=== Assignment ===
From the listing below, extract every line in which the word "last" appears.

=== Material to process ===

(* Preimages [a.x], [a.y] of [k]-agreeing points agree to order [k + 1], and [k > 0]
   makes them admissible simultaneously. *)
Lemma var_Lop_le {g psi b1 W G X k} : 0 <= b1 -> 0 <= W -> 0 <= G -> 0 <= X -> (0 < k)%N ->
  (forall x, S x -> expR (complex.Re (g x)) <= b1) ->
  (forall x, S x -> normc (psi x) <= W) ->
  (var A k.+1 g <= G%:E)%E -> (var A k.+1 psi <= X%:E)%E ->
  (var A k (Lop A g psi) <= (n.+1%:R * (b1 * X + b1 * (2 + expR 1 *+ 2) * G * W))%:E)%E.
Proof.
move=> b10 W0 G0 X0 k0 hb hW hg hpsi; apply: var_le => x y Sx Sy xy.
rewrite /Lop -sumrB; apply: le_trans (normc_sum_le _ _ _) _.
apply: (@le_trans _ _ (\sum_(a < n.+1) (b1 * X + b1 * (2 + expR 1 *+ 2) * G * W))).
  2: by rewrite sumr_const card_ord mulr_natl.
apply: ler_sum => a _.
have xy0 : x 0%N = y 0%N := xy 0%N k0.
have axy : agree k.+1 (scons a x) (scons a y) by case=> //= j; apply: xy.
have adm_xy : admissible A (scons a x) <-> admissible A (scons a y).
  by rewrite !admissible_scons xy0; split=> -[h _]; [split=> //|split].
case: (pselect (admissible A (scons a x))) => hx; last first.
  have hy : ~ admissible A (scons a y) by rewrite -adm_xy.
  rewrite (asboolF hx) (asboolF hy) subr0 Normc.normc0.
  by rewrite addr_ge0 // !mulr_ge0 // addr_ge0 // mulrn_wge0 // expR_ge0.
have hy : admissible A (scons a y) by rewrite -adm_xy.
rewrite (asboolT hx) (asboolT hy).
set u := g (scons a x); set v := g (scons a y).
set p := psi (scons a x); set q := psi (scons a y).
have -> : cexp u * p - cexp v * q = cexp u * (p - q) + (cexp u - cexp v) * q.
  by rewrite mulrBr mulrBl addrA subrK.
apply: le_trans (normcD_le _ _) _; rewrite !Normc.normcM normc_cexp; apply: lerD.
  by apply: ler_pM; rewrite ?expR_ge0 ?normc_ge0 ?hb //; apply: var_ubound hpsi hx hy axy.
apply: ler_pM; rewrite ?normc_ge0 ?hW //.
apply: le_trans (normc_cexpB (hb _ hx) (hb _ hy)) _.
by rewrite ler_wpM2l ?mulr_ge0 ?addr_ge0 ?mulrn_wge0 ?expR_ge0 //; apply: var_ubound hg hx hy axy.
Qed.

End Transfer.

Section ThetaBounds.
Context {R : realType} {D r : R}.
Hypotheses (D0 : 0 <= D) (r0 : 0 <= r) (r1 : r <= 1).
Local Notation th := (theta D r).

Lemma theta_ge0 k : 0 <= th k.
Proof. by rewrite mulr_ge0 // exprn_ge0. Qed.

Lemma theta_expS_le k : th k.+1 ^+ k.+1 <= D * th k.+1 ^+ k.
Proof.
rewrite exprSr mulrC ler_wpM2r ?exprn_ge0 ?theta_ge0 //.
by rewrite -[X in _ <= X]mulr1 ler_wpM2l // exprn_ile1.
Qed.

Lemma theta_exp_le_tail {m k} : (m <= k.+1)%N ->
  th k.+2 ^+ k.+1 <= D * r ^+ (2 * m) * th k.+1 ^+ k.
Proof.
move=> mk; rewrite /theta (exprMn _ D (r ^+ k.+2)) (exprMn _ D (r ^+ k.+1)) -!exprM.
have e : r ^+ (k.+2 * k.+1) <= r ^+ (2 * m) * r ^+ (k.+1 * k).
  by rewrite -exprD; apply: ler_wiXn2l => //; nia.
apply: le_trans (ler_wpM2l _ e) _; first by rewrite exprn_ge0.
by rewrite [D ^+ k.+1]exprS mulrACA.
Qed.

Lemma theta_exp_le_head {m k} : th m.+1 <= 1 -> (0 < k)%N -> (k < m)%N ->
  th m.+1 ^+ m <= D * r ^+ (2 * m) * th k.+1 ^+ k.
Proof.
move=> t1 k0 km; have t0 := theta_ge0 m.+1.
have tj : th m.+1 ^+ (m - k) <= th m.+1.
  by rewrite -[X in _ <= X]expr1; apply: ler_wiXn2l => //; rewrite subn_gt0.
have -> : th m.+1 ^+ m = th m.+1 ^+ k * th m.+1 ^+ (m - k) by rewrite -exprD subnKC // ltnW.
apply: le_trans (ler_wpM2l (exprn_ge0 k t0) tj) _.
rewrite /theta (exprMn _ D (r ^+ k.+1)) (exprMn _ D (r ^+ m.+1)) -!exprM mulrACA.
have e : r ^+ (m.+1 * k) * r ^+ m.+1 <= r ^+ (2 * m) * r ^+ (k.+1 * k).
  by rewrite -!exprD; apply: ler_wiXn2l => //; nia.
apply: le_trans (ler_wpM2l _ e) _; first by rewrite mulr_ge0 // exprn_ge0.
by rewrite [D ^+ k * D]mulrC mulrACA.
Qed.

Lemma theta_exp_le_sqr {m} : th m.+1 <= 1 -> (2 <= m)%N ->
  th m.+1 ^+ m <= D ^+ 2 * r ^+ (2 * m).
Proof.
move=> t1 m2; apply: le_trans (ler_wiXn2l (theta_ge0 _) t1 m2) _.
rewrite /theta exprMn -exprM ler_wpM2l ?exprn_ge0 //.
by apply: ler_wiXn2l => //; nia.
Qed.

End ThetaBounds.

Section BSpace.
Context {R : realType} {n : nat} {A : 'M[int]_n.+1} {D r : R}.
Hypotheses (D0 : 0 < D) (r0 : 0 < r) (r1 : r < 1).
Import numFieldTopology.Exports numFieldNormedType.Exports.
Local Notation th := (theta D r).

Lemma powR_le_1D (C p : R) : 0 <= C -> 0 <= p -> p <= 1 -> C `^ p <= 1 + C.
Proof.
move=> C0 p0 p1; have [C1|C1] := leP C 1.
  apply: le_trans (_ : 1 `^ p <= _); first by rewrite ge0_ler_powR ?nnegrE.
  by rewrite powR1 lerDl.
by apply: le_trans (ler1_powR _ _) _; rewrite ?lerDr // ltW.
Qed.

(* [var_k psi <= C th_(k+1)^k] gives [var_k psi ^ (1/k) <= (1 + C) th_(k+1)], which tends to 0. *)
Lemma Bconsts_inV psi C : Bconsts A th psi C -> inV A psi.
Proof.
move=> [C0 hC]; split.
  by apply: nearW => k; apply: le_lt_trans (hC k) _; apply: ltey.
have : (fun k => ((1 + C) * D * r) * r ^+ k) @ \oo --> (0 : R).
  rewrite -(mulr0 ((1 + C) * D * r)); apply: cvgM; first exact: cvg_cst.
  by apply: cvg_expr; rewrite ger0_norm ?ltW.
apply: (squeeze_cvgr _ (cvg_cst 0)); near=> k.
have k0 : (0 < k)%N by near: k; exists 1%N.
rewrite /varroot powR_ge0 /=.
have D_ge0 := ltW D0; have r_ge0 := ltW r0.
have bnd0 : 0 <= C * th k.+1 ^+ k by rewrite mulr_ge0 ?exprn_ge0 ?theta_ge0.
have p0 : 0 <= k%:R^-1 :> R by rewrite invr_ge0.
apply: le_trans (ge0_ler_powR p0 _ _ (fine_le_EFin bnd0 (hC k))) _;
  rewrite ?nnegrE ?fine_var_ge0 //.
rewrite powRM ?exprn_ge0 ?theta_ge0 // -powR_mulrn ?theta_ge0 // -powRrM mulfV; last first.
  by rewrite pnatr_eq0 -lt0n.
rewrite powRr1 ?theta_ge0 //.
rewrite (_ : _ * r ^+ k = (1 + C) * th k.+1); last by rewrite /theta exprS !mulrA.
by rewrite ler_wpM2r ?theta_ge0 // powR_le_1D // invf_le1 ?ler1n ?ltr0n.
Unshelve. all: by end_near.
Qed.

Lemma inB_Bnorm_le {phi psi c} : 0 < c -> inB A th phi ->
  (forall C, Bconsts A th phi C ->
     Bconsts A th psi (c * C) /\ (supnorm A psi <= (c * C)%:E)%E) ->
  inB A th psi /\ Bnorm A th psi <= c *+ 2 * Bnorm A th phi.
Proof.
move=> c0 [_ [C0 hC0]] hpsi.
have inBpsi : inB A th psi.
  by have [h _] := hpsi C0 hC0; split; [apply: Bconsts_inV h|exists (c * C0)].
split=> //.
have Bnorm_le C : Bconsts A th phi C -> Bnorm A th psi <= c *+ 2 * C.
  move=> hC; have [hB hsup] := hpsi C hC; have [C_ge0 _] := hC.
  have cC0 : 0 <= c * C by rewrite mulr_ge0 // ltW.
  have hinf : inf (Bconsts A th psi) <= c * C by apply: ge_inf hB; exists 0 => y [].
  by rewrite /Bnorm mulrnAl mulr2n lerD // fine_le_EFin.
have c20 : 0 < c *+ 2 by rewrite pmulrn_rgt0.
have : Bnorm A th psi / (c *+ 2) <= inf (Bconsts A th phi).
  apply: lb_le_inf; first by exists C0.
  by move=> C hC; rewrite ler_pdivrMr // mulrC Bnorm_le.
rewrite ler_pdivrMr // mulrC => /le_trans; apply.
apply: ler_wpM2l; first exact: ltW.
by rewrite /Bnorm; apply: ler_wpDl (fine_supnorm_ge0 _) (lexx _).
Qed.

End BSpace.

=== Task answer ===
case: (pselect (admissible A (scons a x))) => hx; last first.
rewrite powRM ?exprn_ge0 ?theta_ge0 // -powR_mulrn ?theta_ge0 // -powRrM mulfV; last first.
rewrite (_ : _ * r ^+ k = (1 + C) * th k.+1); last by rewrite /theta exprS !mulrA.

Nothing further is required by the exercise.